Element Mobile
- Company type: Private
- Industry: Telecommunications
- Founded: 2009
- Headquarters: Central Wisconsin
- Products: Wireless
- Parent: Wisconsin RSA #7 Ltd
- Website: www.ElementMobile.com

= Element Mobile =

Element Mobile was a CDMA-Based cellular service provider headquartered in Wisconsin Rapids, Wisconsin, that launched in January 2011. The company, officially known as Wisconsin RSA #7 Limited Partnership, displaced Alltel in Central Wisconsin.

== History ==
Element Mobile was founded on January 7, 2011, when former customers of Alltel Wireless were moved to Element's network. Customers experienced long waits for customer service and connectivity issues during its initial months of operation.
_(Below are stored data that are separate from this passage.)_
(* Let $Y$ be a geodesic space, $D\subseteq Y$, $S$ a semigroup of nonexpansive maps $D\to D$ endowed with the Borel $\sigma$-algebra of the compact-open topology, $(X,\mu)$ a probability space, $T:X\to X$ an ergodic measure-preserving transformation, $w:X\to S$ measurable, and $a_n(x)=w(x)w(Tx)\cdots w(T^{n-1}x)$ ($a_0$ the identity). Fix $y\in D$ with $\int_X d(y,a_1(x)y)\,d\mu(x)<\infty$ and let $A=\lim_{n\to\infty}\frac1n\int_X d(y,a_n(x)y)\,d\mu(x)$. Write $D_n(x)=d(y,a_n(x)y)$ and $D_n(x,k)=d(y,a_{n-k}(T^kx)y)$ for $0\le k\le n$. Let $E$ be the set of $x\in X$ such that for every $\varepsilon>0$ there exist $M\in\mathbb{N}$ and infinitely many $n\in\mathbb{N}$ with $D_n(x)-D_n(x,k)\ge(A-\varepsilon)k$ for all integers $k\in[M,n]$. Let $x\in E$ with $\lim_{n\to\infty}D_n(x)/n=A>0$. Then for all sequences $(\alpha_i)\subseteq(0,1]$ and $(p_i)\subseteq\mathbb{N}$ there exist sequences $(K_i),(n_i)\subseteq\mathbb{N}$ such that for all $i\ge1$: (i) $p_i\le K_i$, $n_i\in(K_{i+1},n_{i+1})$, and $D_{n_{i+1}}(x)\ge\max\{D_{n_i}(x),An_i\}$; (ii) for all integers $k\in[K_i,n_i]$, $|D_k(x)-Ak|\le Ak/2^i$ and \[(1-\min\{1/2^i,\alpha_i\})D_k(x)+d(a_k(x)y,a_{n_i}(x)y)\le D_{n_i}(x).\]
   Context: A geodesic space is a metric space in which any two points are joined by a distance-preserving path from a real interval. A map is nonexpansive if it is $1$-Lipschitz. *)

From HB Require Import structures.
From mathcomp Require Import all_boot all_order all_algebra.
From mathcomp Require Import all_classical all_reals all_analysis.
Set Implicit Arguments. Unset Strict Implicit. Unset Printing Implicit Defensive.
Import Order.TTheory GRing.Theory Num.Theory.
Local Open Scope classical_set_scope.
Local Open Scope ring_scope.

Definition geodesic_space (R : realType) (Y : metricType R) : Prop :=
  forall u v : Y, exists g : R -> Y,
    g 0 = u /\ g (mdist u v) = v /\
    forall s t, 0 <= s <= mdist u v -> 0 <= t <= mdist u v ->
      mdist (g s) (g t) = `|s - t|.

Definition nonexpansive (R : realType) (Y : metricType R) (D : set Y)
  (f : D -> D) : Prop :=
  forall u v : D, mdist (set_val (f u)) (set_val (f v)) <= mdist (set_val u) (set_val v).

Definition semigroup_of_maps (T : Type) (S : set (T -> T)) : Prop :=
  forall f g, S f -> S g -> S (f \o g).

Definition borel_measurable_fun d (X : measurableType d) (V : topologicalType)
  (f : X -> V) : Prop :=
  forall B : set V, <<s open >> B -> measurable (f @^-1` B).

Definition measure_preserving d (X : measurableType d) (R : realType)
  (mu : {measure set X -> \bar R}) (T : X -> X) : Prop :=
  measurable_fun setT T /\
  forall A : set X, measurable A -> mu (T @^-1` A) = mu A.

Definition ergodic d (X : measurableType d) (R : realType)
  (mu : {measure set X -> \bar R}) (T : X -> X) : Prop :=
  measure_preserving mu T /\
  forall A : set X, measurable A -> T @^-1` A = A -> mu A = 0%E \/ mu A = 1%E.

Fixpoint cocycle (X U : Type) (T : X -> X) (w : X -> U -> U) (n : nat) (x : X) : U -> U :=
  match n with
  | 0 => id
  | n'.+1 => w x \o cocycle T w n' (T x)
  end.

From HB Require Import structures.
From mathcomp Require Import all_boot all_order all_algebra.
From mathcomp Require Import all_classical all_reals all_analysis.
From mathcomp Require Import lra.
Import Order.TTheory GRing.Theory Num.Theory.
Import numFieldTopology.Exports numFieldNormedType.Exports.
Local Open Scope classical_set_scope.
Local Open Scope ring_scope.

(* Write c_i = min(2^-i, alpha_i) and eps_i = A c_i / 2. Since D_k(x) / k -> A,
   |D_k(x) - A k| <= eps_i k for k large; since x is in E, there are
   arbitrarily large n with D_n(x) - D_n(x,k) >= (A - eps_i) k for all large
   k <= n, and since D_n(x) -> oo such n can also be taken with D_n(x) above
   any prescribed bound. This lets one choose n_1 < n_2 < ... inductively.
   By the cocycle identity a_n(x) = a_k(x) a_(n-k)(T^k x) and nonexpansiveness,
   d(a_k(x) y, a_n(x) y) <= D_n(x,k), and (ii) follows from an elementary
   inequality. Only x in E and the convergence of D_n(x) / n are used. *)

Lemma cocycleD (X U : Type) (T : X -> X) (w : X -> U -> U) k m z u :
  cocycle T w (k + m) z u = cocycle T w k z (cocycle T w m (iter k T z) u).
Proof. by elim: k z => [//|k IH] z /=; rewrite IH -iterSr. Qed.

Lemma cocycle_nonexpansive (R : realType) (Y : metricType R) (D : set Y)
    (X : Type) (T : X -> X) (w : X -> D -> D) :
  (forall z, nonexpansive (w z)) -> forall n z, nonexpansive (cocycle T w n z).
Proof.
move=> w_ne; elim=> [|n IH] z u v //=.
exact: le_trans (w_ne _ _ _) (IH _ _ _).
Qed.

Lemma dist_cocycle_le (R : realType) (Y : metricType R) (D : set Y)
    (X : Type) (T : X -> X) (w : X -> D -> D) (y : D) k n z :
  (forall z, nonexpansive (w z)) -> (k <= n)%N ->
  mdist (set_val (cocycle T w k z y)) (set_val (cocycle T w n z y))
    <= mdist (set_val y) (set_val (cocycle T w (n - k) (iter k T z) y)).
Proof.
move=> w_ne kn; rewrite -[in cocycle T w n z y](subnKC kn) cocycleD.
exact: cocycle_nonexpansive.
Qed.

Lemma nat_dependent_choice {V : Type} {P : nat -> V -> V -> Prop} (v0 : V) :
  (forall i v, exists v', P i v v') -> exists u : nat -> V, forall i, P i (u i) (u i.+1).
Proof.
move=> hP; have [f hf] : {f : nat -> V -> V & forall i v, P i v (f i v)}.
  apply: (choice (P := fun i (g : V -> V) => forall v, P i v (g v))) => i.
  by have [g hg] := choice (hP i); exists g.
by exists (fix u i := if i is j.+1 then f j (u j) else v0) => i; exact: hf.
Qed.

(* With [a, b, g] standing for D_k(x), D_n(x), D_n(x,k): since
   (1 - c)(1 + c/2) <= 1 - c/2, the gap [(A - A c / 2) k] absorbs the error of
   the linear approximation of [a]. *)
Lemma near_linear_gap_le (R : realFieldType) (A c kr a b g : R) :
  0 <= A -> c <= 1 -> 0 <= kr ->
  `|a - A * kr| <= A * c / 2 * kr -> (A - A * c / 2) * kr <= b - g ->
  (1 - c) * a + g <= b.
Proof.
move=> A_ge0 c_le1 kr_ge0; rewrite ler_norml => /andP[_ a_le] gap.
have Akr_ge0 : 0 <= A * kr by exact: mulr_ge0.
have : (1 - c) * a <= (1 - c) * (A * kr + A * c / 2 * kr).
  by apply: ler_wpM2l; lra.
nra.
Qed.

Section LinearGrowth.
Variables (R : realType) (f : nat -> R) (A : R).
Hypothesis f_cvg : (fun n => f n / n%:R) @ \oo --> A.

Lemma near_linear_eventually eps : 0 < eps ->
  exists N, forall k, (N <= k)%N -> `|f k - A * k%:R| <= eps * k%:R.
Proof.
move=> eps_gt0; have [N _ fN] := cvgr_dist_le _ _ f_cvg _ eps_gt0.
exists N.+1 => k Nk; have k_gt0 : 0 < k%:R :> R by rewrite ltr0n (leq_trans _ Nk).
rewrite -[f k](divfK (lt0r_neq0 k_gt0)) -mulrBl normrM (gtr0_norm k_gt0) distrC.
by rewrite ler_pM2r // fN //=; exact: ltnW.
Qed.

Hypothesis A_gt0 : 0 < A.

Lemma linear_growth_unbounded m : exists N, forall n, (N <= n)%N -> m <= f n.
Proof.
have [|N fN] := near_linear_eventually (A / 2); first exact: divr_gt0.
have bound_ge0 : 0 <= 2 * `|m| / A by rewrite divr_ge0 ?mulr_ge0 // ltW.
exists (maxn N (Num.bound (2 * `|m| / A))) => n; rewrite geq_max => /andP[Nn bn].
have m_lt : 2 * `|m| / A < n%:R.
  by apply: lt_le_trans (archi_boundP bound_ge0) _; rewrite ler_nat.
have := fN n Nn; rewrite ler_norml => /andP[fn_ge _].
have : 2 * `|m| < A * n%:R by rewrite -ltr_pdivrMl // mulrC.
have := ler_norm m; nra.
Qed.

Variable g : nat -> nat -> R.
Hypothesis f_gap : forall eps : R, 0 < eps -> exists M : nat, forall N : nat,
  exists2 n : nat, (N <= n)%N &
  forall k : nat, (M <= k <= n)%N -> (A - eps) * k%:R <= f n - g n k.

Lemma gap_times_unbounded eps : 0 < eps -> exists M, forall m N : nat, exists n,
  [/\ (m < n)%N, (N < n)%N, Num.max (f m) (A * m%:R) <= f n &
      forall k, (M <= k <= n)%N -> (A - eps) * k%:R <= f n - g n k].
Proof.
move=> /f_gap[M gap]; exists M => m N.
have [N0 f_large] := linear_growth_unbounded (Num.max (f m) (A * m%:R)).
have [n] := gap (maxn N0 (maxn m.+1 N.+1)).
by rewrite !geq_max => /and3P[N0n mn Nn] gap_n; exists n; split => //; exact: f_large.
Qed.

Variables (alpha : nat -> R) (p : nat -> nat).
Hypothesis alpha_in : forall i, 0 < alpha i <= 1.

Lemma good_times_exist : exists K n : nat -> nat, forall i : nat, (1 <= i)%N ->
  [/\ (p i <= K i)%N, (K i.+1 < n i < n i.+1)%N,
      Num.max (f (n i)) (A * (n i)%:R) <= f (n i.+1) &
      forall k : nat, (K i <= k <= n i)%N ->
        `|f k - A * k%:R| <= A * k%:R / 2 ^+ i /\
        (1 - Num.min (2 ^+ i)^-1 (alpha i)) * f k + g (n i) k <= f (n i)].
Proof.
pose c i := Num.min ((2 : R) ^+ i)^-1 (alpha i).
have c_gt0 i : 0 < c i by rewrite lt_min invr_gt0 exprn_gt0 //; case/andP: (alpha_in i).
have c_le1 i : c i <= 1 by rewrite ge_min; case/andP: (alpha_in i) => _ ->; rewrite orbT.
have c_le i : c i <= (2 ^+ i)^-1 by rewrite ge_min lexx.
pose eps i := A * c i / 2.
have eps_gt0 i : 0 < eps i by rewrite divr_gt0 ?mulr_gt0.
have [N N_near] := choice (fun i => near_linear_eventually _ (eps_gt0 i)).
have [M M_step] := choice (fun i => gap_times_unbounded _ (eps_gt0 i)).
pose K i := maxn (p i) (maxn (N i) (M i)).
have [n n_step] := nat_dependent_choice 0%N (fun j m => M_step j.+1 m (K j.+2)).
exists K, n => -[//|j] _; set i := j.+1.
have [_ Kn _ gap] := n_step j; have [n_lt _ n_max _] := n_step i.
split => //; [exact: leq_maxl | by rewrite Kn | move=> k /andP[Kk kn]].
have [Nk Mk] : (N i <= k)%N /\ (M i <= k)%N.
  by move: Kk; rewrite !geq_max => /and3P[_ -> ->].
have near := N_near i k Nk; have gapk := gap k (introT andP (conj Mk kn)).
split; last exact: near_linear_gap_le (ltW A_gt0) (c_le1 i) (ler0n _ k) near gapk.
apply: le_trans near _; rewrite /eps.
have Ak_ge0 : 0 <= A * k%:R := mulr_ge0 (ltW A_gt0) (ler0n _ k).
have := ler_wpM2l Ak_ge0 (c_le i); have := mulr_ge0 Ak_ge0 (ltW (c_gt0 i)).
lra.
Qed.

End LinearGrowth.

Theorem lemma3p1 (R : realType) (Y : metricType R) (D : set Y)
  (S : set {compact-open, D -> D})
  (d : measure_display) (X : measurableType d) (mu : probability X R)
  (T : X -> X) (w : X -> {compact-open, D -> D}) (y : D) (A : R) (x : X) :
  geodesic_space Y ->
  semigroup_of_maps S ->
  (forall f, S f -> nonexpansive f) ->
  ergodic mu T ->
  (forall z, S (w z)) ->
  borel_measurable_fun w ->
  let Dn := fun (n : nat) (z : X) =>
    mdist (set_val y) (set_val (cocycle T w n z y)) in
  let Dnk := fun (n k : nat) (z : X) =>
    mdist (set_val y) (set_val (cocycle T w (n - k) (iter k T z) y)) in
  (\int[mu]_z (Dn 1 z)%:E < +oo)%E ->
  (fun n : nat => ((n%:R)^-1)%:E * \int[mu]_z (Dn n z)%:E)%E @ \oo --> A%:E ->
  (* x belongs to E *)
  (forall eps : R, 0 < eps -> exists M : nat, forall N : nat, exists2 n : nat,
     (N <= n)%N &
     forall k : nat, (M <= k <= n)%N -> (A - eps) * k%:R <= Dn n x - Dnk n k x) ->
  (fun n : nat => Dn n x / n%:R) @ \oo --> A ->
  0 < A ->
  forall (alpha : nat -> R) (p : nat -> nat),
    (forall i, 0 < alpha i <= 1) ->
    exists K n : nat -> nat, forall i : nat, (1 <= i)%N ->
      [/\ (p i <= K i)%N, (K i.+1 < n i < n i.+1)%N,
          Num.max (Dn (n i) x) (A * (n i)%:R) <= Dn (n i.+1) x &
          forall k : nat, (K i <= k <= n i)%N ->
            `|Dn k x - A * k%:R| <= A * k%:R / 2 ^+ i /\
            (1 - Num.min (2 ^+ i)^-1 (alpha i)) * Dn k x
              + mdist (set_val (cocycle T w k x y)) (set_val (cocycle T w (n i) x y))
              <= Dn (n i) x].
Proof.
move=> _ _ maps_ne _ w_in_S _ Dn Dnk _ _ x_in_E Dn_cvg A_gt0 alpha p alpha_in.
have w_ne z : nonexpansive (w z) := maps_ne _ (w_in_S z).
have [K [n good]] := @good_times_exist _ (Dn^~ x) _ Dn_cvg A_gt0
  (fun n k => Dnk n k x) x_in_E alpha p alpha_in.
exists K, n => i i_ge1; have [pK Kn n_max good_k] := good i i_ge1.
split=> // k /andP[Kk kn]; have [near gap] := good_k k (introT andP (conj Kk kn)).
split=> //; apply: le_trans gap; rewrite lerD2l.
exact: (@dist_cocycle_le _ _ _ _ T w y k (n i) x w_ne kn).
Qed.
Some customers were without service for several days due to network updates, and angry customers created a Facebook group. 610 complaints were filed with the Wisconsin Better Business Bureau, mostly in February 2011. The complaints dropped off as technical problems from the switchover from Alltel were worked out. The company built three new cellular towers in 2011 and four in 2012.
In late 2013, Element Mobile announced that it would be acquired by AT&T Mobility and be known as Lake Mobility once FCC approval and expansion and updating of its network was complete.

== Network ==
Element Mobile uses the CDMA standard.